Task prompt — From the line with "selects two complementary pairs. *)" to the line with "Definition closed_square (R", retype every line exactly, including those two, and leave out the rest of the data below.

Data for this exercise —
(* Let $S$ be a finite set of at least two points in $\mathbb R^2$, let $\square$ be a minimal bounding square of $S$, and let $\mathrm{lfs}(x,y)$ denote the Euclidean distance from $(x,y)$ to the second nearest point of $S$. Then for the quadtree clustering of $S$ described below, the sum over its clusters of the perimeters of their convex hulls is at most $c\int_{\square} \frac{1}{\mathrm{lfs}(x,y)}\,dx\,dy$, for an absolute constant $c$.
   Context: Quadtree: starting from the root square $\square$, repeatedly split any square containing more than one point of $S$ into four equal quadrants; a point on the boundary of a square is considered outside it if it lies on the lower or right side and inside otherwise, so each square is the disjoint union of its quadrants. The compressed quadtree consists of those quadtree squares that contain points of $S$ in more than one of their quadrants (plus the root); each non-root square's parent is the smallest larger compressed-quadtree square containing it, and each point's parent is the smallest square containing it, giving a tree in which each square has between two and four children, at most one per quadrant. The quadtree clustering has a cluster for the set of points in each compressed-quadtree square; additionally, for a square with three children, a cluster combining the points of two of its children whose quadrants share a side, and for a square with four children, two clusters each combining the points of a pair of children in side-adjacent quadrants. Together with singletons this is a hierarchical clustering. *)

From HB Require Import structures.
From mathcomp Require Import all_boot all_order all_algebra.
From mathcomp Require Import all_classical all_reals all_analysis.
Set Implicit Arguments. Unset Strict Implicit. Unset Printing Implicit Defensive.
Import Order.TTheory GRing.Theory Num.Theory.
Local Open Scope ring_scope.

Section QuadtreeDefs.
Variable R : realType.
Implicit Types (z w u : R * R).

Definition dist z w : R := Num.sqrt ((z.1 - w.1) ^+ 2 + (z.2 - w.2) ^+ 2).
Definition dotp z w : R := z.1 * w.1 + z.2 * w.2.
(* cross product of (b - a) and (c - a): >= 0 iff c is weakly left of a->b *)
Definition orient (a b c : R * R) : R :=
  (b.1 - a.1) * (c.2 - a.2) - (b.2 - a.2) * (c.1 - a.1).

Definition is_hull_vertex (P : seq (R * R)) v : Prop :=
  v \in P /\ exists u, forall w, w \in P -> w != v -> dotp u w < dotp u v.

(* s lists the hull vertices of P in counterclockwise cyclic order *)
Definition hull_cycle (P : seq (R * R)) (s : seq (R * R)) : Prop :=
  [/\ uniq s, (forall v, v \in s <-> is_hull_vertex P v) &
      forall e, e \in zip s (rot 1 s) -> forall w, w \in P -> 0 <= orient e.1 e.2 w].

Definition cycle_length (s : seq (R * R)) : R :=
  \sum_(e <- zip s (rot 1 s)) dist e.1 e.2.

(* perimeter of the convex hull of P (length of the hull boundary polygon;
   for collinear sets this is twice the segment length, for a point 0) *)
Definition hull_perimeter (P : seq (R * R)) : R :=
  sup [set l | exists s, hull_cycle P s /\ l = cycle_length s].

Variable n : nat.
Variable p : 'I_n -> R * R.

Definition lfs z : R := nth 0 (sort <=%O [seq dist z (p a) | a <- enum 'I_n]) 1.

Definition bounding_square (x0 y0 L : R) : Prop :=
  forall a, x0 <= (p a).1 <= x0 + L /\ y0 <= (p a).2 <= y0 + L.

Definition min_bounding_square (x0 y0 L : R) : Prop :=
  bounding_square x0 y0 L /\
  forall x1 y1 L', bounding_square x1 y1 L' -> L <= L'.

Variables (x0 y0 L : R).

(* Quadtree cells at depth k are indexed by (i, j), 0 <= i, j < 2^k; cell
   (i,j) is [x0 + i L/2^k, x0 + (i+1) L/2^k) x (y0 + j L/2^k, y0 + (j+1) L/2^k]
   (lower and right sides excluded), except that sides lying on the root's
   boundary are included (so the root contains all of S). *)
Definition cellx (k : nat) (x : R) : int :=
  Order.min (Num.floor ((x - x0) / L * 2 ^+ k)) (2 ^ k - 1)%:Z.
Definition celly (k : nat) (y : R) : int :=
  Order.max (Num.ceil ((y - y0) / L * 2 ^+ k) - 1) 0.

Definition cell_pts (k : nat) (i j : int) : {set 'I_n} :=
  [set a | (cellx k (p a).1 == i) && (celly k (p a).2 == j)].

(* points of S in quadrant q = (right?, top?) of cell (k, i, j) *)
Definition quad_pts (k : nat) (i j : int) (q : bool * bool) : {set 'I_n} :=
  cell_pts k.+1 (i * 2 + (q.1 : nat)%:Z) (j * 2 + (q.2 : nat)%:Z).

(* number of quadrants of the cell containing points of S
   (= number of children in the compressed quadtree) *)
Definition nquad (k : nat) (i j : int) : nat :=
  #|[set q : bool * bool | (0 < #|quad_pts k i j q|)%N]|.

Definition compressed_square (k : nat) (i j : int) : Prop :=
  (k = 0%N /\ i = 0 /\ j = 0) \/ (1 < nquad k i j)%N.

(* A choice [d] of the extra pair clusters: for a square with three or four
   children, d k i j = true pairs the side-adjacent quadrants lying in the same
   row, false pairs those in the same column.  With three children this selects
   exactly one of the two possible side-adjacent pairs, with four children it
   selects two complementary pairs. *)
Definition is_cluster (d : nat -> int -> int -> bool) (A : {set 'I_n}) : Prop :=
  (exists k i j, compressed_square k i j /\ A = cell_pts k i j) \/
  (exists k i j, compressed_square k i j /\ (3 <= nquad k i j)%N /\
     exists q1 q2 : bool * bool,
       [/\ (if d k i j then q1.2 = q2.2 /\ q1.1 <> q2.1
                      else q1.1 = q2.1 /\ q1.2 <> q2.2),
           (0 < #|quad_pts k i j q1|)%N, (0 < #|quad_pts k i j q2|)%N &
           A = quad_pts k i j q1 :|: quad_pts k i j q2]).

End QuadtreeDefs.

Definition closed_square (R : realType) (x0 y0 L : R) : set (R * R) :=
  [set z | x0 <= z.1 <= x0 + L /\ y0 <= z.2 <= y0 + L].

From HB Require Import structures.
From mathcomp Require Import all_boot all_order all_algebra.
From mathcomp Require Import all_classical all_reals all_analysis.
From mathcomp Require Import zify ring lra.
Import Order.TTheory GRing.Theory Num.Theory.
Local Open Scope ring_scope.
Set Implicit Arguments. Unset Strict Implicit. Unset Printing Implicit Defensive.

(* Every cluster lies in the closure of a quadtree square Q that contains two
   distinct points of S, and each such Q carries at most 17 clusters.  A convex
   polygon inside a square of side s has perimeter at most 4s: its rightward edges
   have disjoint x-projections, so the total horizontal variation is at most 2s,
   and likewise vertically.  Hence the sum of the perimeters is at most 68 times
   the sum of the sides of these squares.  Conversely, a point z of such a square
   Q has two points of S within distance 2 side(Q), so side(Q) >= lfs(z)/2; since
   z lies in at most four squares of each level, summing 1/(16 side(Q)) over the
   squares containing z is a geometric sum bounded by 1/lfs(z).  Integrating over
   the root square bounds the sum of the sides by 16 times the integral of 1/lfs,
   so c = 68 * 16 works. *)

Section SecondSmallest.
Variables (disp : Order.disp_t) (T : orderType disp) (dflt : T).
Implicit Types (s : seq T) (v : T).

Lemma nth1_sort_le s v :
  (1 < count (<= v)%O s)%N -> (nth dflt (sort <=%O s) 1 <= v)%O.
Proof.
rewrite -(permP (permEl (perm_sort <=%O s))); have := sort_le_sorted s.
case: (sort <=%O s) => [|y0 [|y1 r]] //=; first by case: (y0 <= v)%O.
case/andP=> _ path_r cnt; rewrite leNgt; apply/negP => v_lt_y1; move: cnt.
have /allP r_ge_y1 := order_path_min (@le_trans _ T) path_r.
have -> : count (<= v)%O r = 0%N.
  apply/eqP; rewrite -leqn0 leqNgt -has_count; apply/hasPn => y /r_ge_y1 y1y.
  by rewrite -ltNge (lt_le_trans v_lt_y1 y1y).
by rewrite [(y1 <= v)%O]leNgt v_lt_y1 addn0; case: (y0 <= v)%O.
Qed.

Lemma nth1_sort_gt s v : (1 < size s)%N ->
  (count (<= v)%O s <= 1)%N -> (v < nth dflt (sort <=%O s) 1)%O.
Proof.
rewrite -(permP (permEl (perm_sort <=%O s))) -(size_sort <=%O); have := sort_le_sorted s.
case: (sort <=%O s) => [|y0 [|y1 r]] //= /andP[y01 _] _.
by rewrite ltNge; apply: contraTN => y1v; rewrite y1v (le_trans y01 y1v).
Qed.

End SecondSmallest.

Lemma count_enum (T : finType) (P : pred T) : count P (enum T) = #|P|.
Proof.
by rewrite cardE /enum_mem size_filter count_filter; apply: eq_count => x; rewrite /= andbT.
Qed.

Section Distance.
Variable R : realType.
Implicit Types z w : R * R.

Lemma dist_ge0 z w : 0 <= dist z w.
Proof. exact: sqrtr_ge0. Qed.

Lemma dist_le_sum_abs z w : dist z w <= `|z.1 - w.1| + `|z.2 - w.2|.
Proof.
rewrite /dist -[leRHS]ger0_norm ?addr_ge0 // -sqrtr_sqr ler_wsqrtr //.
rewrite [leRHS]sqrrD !real_normK ?num_real // [leRHS]addrAC.
by rewrite lerDl mulrn_wge0 ?mulr_ge0.
Qed.

Lemma dist_le0_eq z w : dist z w <= 0 -> z = w.
Proof.
move=> zw_le0; have : dist z w == 0 by rewrite eq_le zw_le0 dist_ge0.
rewrite sqrtr_eq0 le_eqVlt ltNge addr_ge0 ?sqr_ge0 // orbF paddr_eq0 ?sqr_ge0 //.
rewrite !sqrf_eq0 !subr_eq0 => /andP[/eqP e1 /eqP e2].
by case: z w e1 e2 {zw_le0} => [? ?] [? ?] /= -> ->.
Qed.

Variables (n : nat) (p : 'I_n -> R * R).

Lemma lfs_le z a b (v : R) : a != b ->
  dist z (p a) <= v -> dist z (p b) <= v -> lfs p z <= v.
Proof.
move=> ab za zb; apply: nth1_sort_le; rewrite count_map count_enum.
by apply/card_gt1P; exists a, b; rewrite !inE za zb.
Qed.

Lemma lfs_gt0 z : injective p -> (1 < n)%N -> 0 < lfs p z.
Proof.
move=> p_inj n_gt1; apply: nth1_sort_gt; first by rewrite size_map size_enum_ord.
rewrite count_map count_enum.
apply/card_le1_eqP => a b; rewrite !inE => /dist_le0_eq za /dist_le0_eq zb.
by apply: p_inj; rewrite -za -zb.
Qed.

End Distance.

Lemma sum_disjoint_intervals_le (R : realDomainType) (T : eqType)
    (lo hi : T -> R) (E : seq T) (X Y : R) :
  uniq E -> X <= Y ->
  (forall e, e \in E -> [/\ X <= lo e, lo e <= hi e & hi e <= Y]) ->
  (forall e f, e \in E -> f \in E -> e != f -> hi e <= lo f \/ hi f <= lo e) ->
  \sum_(e <- E) (hi e - lo e) <= Y - X.
Proof.
have [N] := ubnP (size E); elim: N E X Y => // N IH [|e E] X Y /= E_le.
  by move=> _ XY _ _; rewrite big_nil subr_ge0.
case/andP=> eE uE XY E_in E_disj; rewrite big_cons (bigID (fun f => hi f <= lo e)) /=.
have [Xe ee eY] := E_in e (mem_head _ _).
have E_sub f : f \in E -> f \in e :: E by move=> fE; rewrite in_cons fE orbT.
have left_part : \sum_(f <- E | hi f <= lo e) (hi f - lo f) <= lo e - X.
  rewrite -big_filter; apply: IH => [|||f|f g]; rewrite ?filter_uniq ?mem_filter //.
  - by rewrite size_filter (leq_ltn_trans (count_size _ _)).
  - by case/andP=> fe /E_sub /E_in[Xf ff _]; split.
  - by case/andP=> _ /E_sub fE /andP[_ /E_sub gE]; apply: E_disj.
have right_part : \sum_(f <- E | ~~ (hi f <= lo e)) (hi f - lo f) <= Y - hi e.
  rewrite -big_filter; apply: IH => [|||f|f g]; rewrite ?filter_uniq ?mem_filter //.
  - by rewrite size_filter (leq_ltn_trans (count_size _ _)).
  - case/andP=> f_right fE; have ef : e != f by apply: contraNneq eE => ->.
    have [Xf ff fY] := E_in f (E_sub f fE); split => //.
    by case: (E_disj e f (mem_head _ _) (E_sub f fE) ef) => // fe; rewrite fe in f_right.
  - by case/andP=> _ /E_sub fE /andP[_ /E_sub gE]; apply: E_disj.
lra.
Qed.

Section CyclicEdges.
Variable T : eqType.
Implicit Types s : seq T.

Lemma mem_zip_rot1 s e : e \in zip s (rot 1 s) -> e.1 \in s /\ e.2 \in s.
Proof.
move=> se; split.
  by rewrite -[s in _ \in s](@unzip1_zip _ _ s (rot 1 s)) ?size_rot ?map_f.
by rewrite -(mem_rot 1) -[rot 1 s](@unzip2_zip _ _ s) ?size_rot ?map_f.
Qed.

Lemma uniq_zip_rot1 s : uniq s -> uniq (zip s (rot 1 s)).
Proof. by move=> us; apply: (@map_uniq _ _ fst); rewrite -/(unzip1 _) unzip1_zip ?size_rot. Qed.

Lemma sum_zip_rot1_sub (V : zmodType) (f : T -> V) s :
  \sum_(e <- zip s (rot 1 s)) (f e.2 - f e.1) = 0.
Proof.
rewrite sumrB -(big_map snd xpredT) -(big_map fst xpredT) -/(unzip1 _) -/(unzip2 _).
by rewrite unzip1_zip ?unzip2_zip ?size_rot // (perm_big _ (permEl (perm_rot 1 s))) subrr.
Qed.

Lemma zip_map2 (U : Type) (f : T -> U) s t :
  zip (map f s) (map f t) = map (fun e => (f e.1, f e.2)) (zip s t).
Proof. by elim: s t => [|x s IH] [|y t] //=; rewrite IH. Qed.

End CyclicEdges.

Section HullPerimeter.
Variable R : realType.
Implicit Types (a b c d u v w : R * R) (P s : seq (R * R)).

Definition supporting_edge P a b : Prop :=
  [/\ is_hull_vertex P a, is_hull_vertex P b & forall w, w \in P -> 0 <= orient a b w].

Lemma hull_vertex_not_between P a b v : a \in P -> b \in P ->
  a.1 < v.1 < b.1 -> orient a b v = 0 -> ~ is_hull_vertex P v.
Proof.
move=> Pa Pb /andP[av vb] abv0 [_ [u u_max]].
have ua : dotp u a < dotp u v by apply: u_max Pa _; apply: contraTneq av => ->; rewrite ltxx.
have ub : dotp u b < dotp u v by apply: u_max Pb _; apply: contraTneq vb => ->; rewrite ltxx.
have barycenter : (b.1 - a.1) * dotp u v
    = (b.1 - v.1) * dotp u a + (v.1 - a.1) * dotp u b + u.2 * orient a b v.
  by rewrite /dotp /orient; ring.
rewrite abv0 mulr0 addr0 in barycenter.
have : (b.1 - v.1) * dotp u a < (b.1 - v.1) * dotp u v by rewrite ltr_pM2l ?subr_gt0.
have : (v.1 - a.1) * dotp u b < (v.1 - a.1) * dotp u v by rewrite ltr_pM2l ?subr_gt0.
lra.
Qed.

Lemma collinear_same_x_eq a b c : a.1 != b.1 ->
  orient a b c = 0 -> c.1 = a.1 -> c = a.
Proof.
move=> ab abc0 ca; move: abc0; rewrite /orient ca subrr mulr0 subr0 => /eqP.
rewrite mulf_eq0 subr_eq0 eq_sym (negPf ab) subr_eq0 /= => /eqP.
by case: a c ca {ab} => [? ?] [? ?] /= -> ->.
Qed.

Completed task —
   selects two complementary pairs. *)
Definition is_cluster (d : nat -> int -> int -> bool) (A : {set 'I_n}) : Prop :=
  (exists k i j, compressed_square k i j /\ A = cell_pts k i j) \/
  (exists k i j, compressed_square k i j /\ (3 <= nquad k i j)%N /\
     exists q1 q2 : bool * bool,
       [/\ (if d k i j then q1.2 = q2.2 /\ q1.1 <> q2.1
                      else q1.1 = q2.1 /\ q1.2 <> q2.2),
           (0 < #|quad_pts k i j q1|)%N, (0 < #|quad_pts k i j q2|)%N &
           A = quad_pts k i j q1 :|: quad_pts k i j q2]).

End QuadtreeDefs.

Definition closed_square (R : realType) (x0 y0 L : R) : set (R * R) :=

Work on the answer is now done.